Source data

#####

(* Approximating [h] from below by simple functions reduces both sides to finite
   sums of preimage integrals. *)
Lemma ge0_integral_comp_mul_eq (h : X -> R) {g1 g2 : S -> R} :
  measurable_fun [set: X] h -> (forall x, 0 <= h x)%R ->
  (forall s, 0 <= g1 s)%R -> (forall s, 0 <= g2 s)%R ->
  measurable_fun [set: S] g1 -> measurable_fun [set: S] g2 ->
  (forall B, measurable B ->
    \int[mu]_(s in phi @^-1` B) (g1 s)%:E = \int[mu]_(s in phi @^-1` B) (g2 s)%:E) ->
  \int[mu]_s (h (phi s) * g1 s)%:E = \int[mu]_s (h (phi s) * g2 s)%:E.
Proof.
move=> mh h0 g10 g20 mg1 mg2 g12.
have mEh : measurable_fun [set: X] (EFin \o h) by exact/measurable_EFinP.
pose hn := nnsfun_approx measurableT mEh.
have approx (g : S -> R) : (forall s, 0 <= g s)%R -> measurable_fun [set: S] g ->
    \int[mu]_s (h (phi s) * g s)%:E =
    limn (fun n => \int[mu]_s (hn n (phi s) * g s)%:E).
  move=> g0 mg; under eq_integral do rewrite EFinM.
  have -> : (fun n => \int[mu]_s (hn n (phi s) * g s)%:E) =
      (fun n => \int[mu]_s ((hn n (phi s))%:E * (g s)%:E)).
    by apply/funext => n; apply: eq_integral => s _; rewrite EFinM.
  rewrite -monotone_convergence //.
  - apply: eq_integral => s _; apply/esym/cvg_lim => //; apply: cvgeZr => //.
    apply: (@cvg_nnsfun_approx _ _ _ _ measurableT _ mEh) => //.
    by move=> x _; rewrite lee_fin.
  - move=> n; apply: emeasurable_funM; last exact/measurable_EFinP.
    by apply/measurable_EFinP; apply: measurableT_comp mphi; exact: measurable_funPT.
  - by move=> n s _; rewrite mule_ge0 ?lee_fin.
  - move=> s _ m n mn; rewrite lee_wpmul2r ?lee_fin //.
    exact/lefP/nd_nnsfun_approx.
rewrite !approx //; congr (limn _); apply/funext => n.
rewrite !integral_nnsfun_comp_mul //; apply: eq_fsbigr => y _.
by rewrite g12 //; exact: measurable_funPTI.
Qed.

Lemma integrable_comp_mulr (h : X -> R) (c : R) (k : S -> R) :
  measurable_fun [set: X] h -> (forall x, `|h x| <= c)%R ->
  mu.-integrable [set: S] (EFin \o k) ->
  mu.-integrable [set: S] (fun s => (h (phi s) * k s)%:E).
Proof.
move=> mh hc ik.
rewrite (_ : (fun s => _) = (EFin \o (h \o phi)) \* (EFin \o k)); last first.
  by apply/funext => s; rewrite /= EFinM.
apply: integrableMr => //; first exact: measurableT_comp.
by exists c; split => [|M cM s _]; [exact: num_real | exact: le_trans (hc _) (ltW cM)].
Qed.

(* [k1^+ + k2^-] and [k1^- + k2^+] are nonnegative densities with the same
   difference as [k1] and [k2], hence still with equal preimage integrals. *)
Lemma integral_comp_ge0_mul_eq (h : X -> R) (c : R) {k1 k2 : S -> R} :
  measurable_fun [set: X] h -> (forall x, 0 <= h x)%R -> (forall x, `|h x| <= c)%R ->
  mu.-integrable [set: S] (EFin \o k1) -> mu.-integrable [set: S] (EFin \o k2) ->
  (forall B, measurable B ->
    \int[mu]_(s in phi @^-1` B) (k1 s)%:E = \int[mu]_(s in phi @^-1` B) (k2 s)%:E) ->
  \int[mu]_s (h (phi s) * k1 s)%:E = \int[mu]_s (h (phi s) * k2 s)%:E.
Proof.
move=> mh h0 hc ik1 ik2 k12.
pose g1 := (k1^\+ \+ k2^\-)%R; pose g2 := (k1^\- \+ k2^\+)%R.
have g12E s : (k1 s - k2 s = g1 s - g2 s)%R.
  have kE (k : S -> R) : k s = (k^\+ s - k^\- s)%R by rewrite -[in LHS](funrposBneg k).
  by rewrite {1}(kE k1) {1}(kE k2) /g1 /g2 /=; lra.
have mk i : mu.-integrable [set: S] (EFin \o i) -> measurable_fun [set: S] i.
  by move=> /measurable_int /measurable_EFinP.
have iD (i j : S -> R) : mu.-integrable [set: S] (EFin \o i) ->
    mu.-integrable [set: S] (EFin \o j) -> mu.-integrable [set: S] (EFin \o (i \+ j)%R).
  by move=> ii ij; apply: eq_integrable (integrableD measurableT ii ij).
have ig1 : mu.-integrable [set: S] (EFin \o g1).
  by apply: iD; [exact: integrable_funrpos|exact: integrable_funrneg].
have ig2 : mu.-integrable [set: S] (EFin \o g2).
  by apply: iD; [exact: integrable_funrneg|exact: integrable_funrpos].
have g12 B : measurable B ->
    \int[mu]_(s in phi @^-1` B) (g1 s)%:E = \int[mu]_(s in phi @^-1` B) (g2 s)%:E.
  move=> mB; have mpB : measurable (phi @^-1` B).
    by rewrite -[_ @^-1` _]setTI; exact: mphi.
  apply: (integral_eq_of_subr mpB _ _ _ _ (fun s _ => g12E s)) (k12 B mB);
    exact: integrableS measurableT mpB (@subsetT _ _) _.
have g1_ge0 s : (0 <= g1 s)%R by rewrite addr_ge0 ?funrpos_ge0 ?funrneg_ge0.
have g2_ge0 s : (0 <= g2 s)%R by rewrite addr_ge0 ?funrpos_ge0 ?funrneg_ge0.
have mg1 : measurable_fun [set: S] g1.
  by apply: measurable_funD; [apply: measurable_funrpos|apply: measurable_funrneg]; exact: mk.
have mg2 : measurable_fun [set: S] g2.
  by apply: measurable_funD; [apply: measurable_funrneg|apply: measurable_funrpos]; exact: mk.
have := ge0_integral_comp_mul_eq h mh h0 g1_ge0 g2_ge0 mg1 mg2 g12.
apply: integral_eq_of_subr => //; do ?exact: integrable_comp_mulr mh hc _.
by move=> s _; rewrite -!mulrBr g12E.
Qed.
Lemma lin_form_Ymat_mul al be S x :
  lin_form xi al be (mat2_mul (Ymat xi x) S) =
  (xi * al * (m11 S + m12 S * eigen2 xi) * RtoC x
   + (be * (m11 S + m12 S * eigen2 xi) - al * (m21 S + m22 S * eigen2 xi)))%C.
Proof.
  destruct al, be; unfold lin_form, eigen2, Ymat, Cmult, Cplus, Cminus, Copp, RtoC; simpl.
  f_equal; ring.
Qed.

Lemma Im_lin_form_coeff_pos al be S : admissible xi al be -> det S = 1 ->
  0 < Im ((be * (m11 S + m12 S * eigen2 xi) - al * (m21 S + m22 S * eigen2 xi))
          * Cconj (xi * al * (m11 S + m12 S * eigen2 xi)))%C.
Proof.
  intros [Hal Hbe] HS; pose proof (Cnorm2_pos al Hal) as Hal2; pose proof (xi_mul_kappa_pos xi hxi).
  destruct al as [a1 a2], be as [b1 b2]; simpl in Hal2.
  unfold det in HS; unfold Im, Cconj, Cmult in Hbe; simpl in Hbe.
  set (u1 := m11 S); set (u2 := - kappa xi * m12 S).
  match goal with |- 0 < ?e => replace e with
    ((u1 ^ 2 + u2 ^ 2) * (xi * (b2 * a1 + b1 * - a2)) + xi * kappa xi * (a1 ^ 2 + a2 ^ 2) * det S) end.
  2: { unfold u1, u2, det, eigen2, Im, Cconj, Cmult, Cplus, Cminus, Copp, RtoC; simpl; ring. }
  unfold det; rewrite HS.
  assert (0 <= (u1 ^ 2 + u2 ^ 2) * (xi * (b2 * a1 + b1 * - a2)))
    by (apply Rmult_le_pos; [pose proof (pow2_ge_0 u1); pose proof (pow2_ge_0 u2); lra | lra]).
  assert (0 < xi * kappa xi * (a1 ^ 2 + a2 ^ 2) * 1) by (rewrite Rmult_1_r; apply Rmult_lt_0_compat; lra).
  lra.
Qed.

Lemma is_RInt_line_ln_Cmod_lin_form al be S : admissible xi al be -> det S = 1 ->
  is_RInt_line (fun x => ln (Cmod (lin_form xi al be (mat2_mul (Ymat xi x) S))) * cauchy_density x)
    (ln (Cmod (lin_form xi (be + Ci * xi * al) (- al) S))).
Proof.
  intros Hadm HS.
  apply (is_RInt_line_ext (fun x => ln (Cmod (xi * al * (m11 S + m12 S * eigen2 xi) * RtoC x
           + (be * (m11 S + m12 S * eigen2 xi) - al * (m21 S + m22 S * eigen2 xi)))%C) * cauchy_density x)).
  { intros x; rewrite lin_form_Ymat_mul; reflexivity. }
  replace (lin_form xi (be + Ci * xi * al) (- al) S)
    with ((be * (m11 S + m12 S * eigen2 xi) - al * (m21 S + m22 S * eigen2 xi))
          + Ci * (xi * al * (m11 S + m12 S * eigen2 xi)))%C by (unfold lin_form; ring).
  apply is_RInt_line_ln_Cmod_affine, Im_lin_form_coeff_pos; auto.
Qed.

#####

» EXERCISE AIM: Copy each line above where "Cplus" appears.

» TASK ANSWER:
  destruct al, be; unfold lin_form, eigen2, Ymat, Cmult, Cplus, Cminus, Copp, RtoC; simpl.
  2: { unfold u1, u2, det, eigen2, Im, Cconj, Cmult, Cplus, Cminus, Copp, RtoC; simpl; ring. }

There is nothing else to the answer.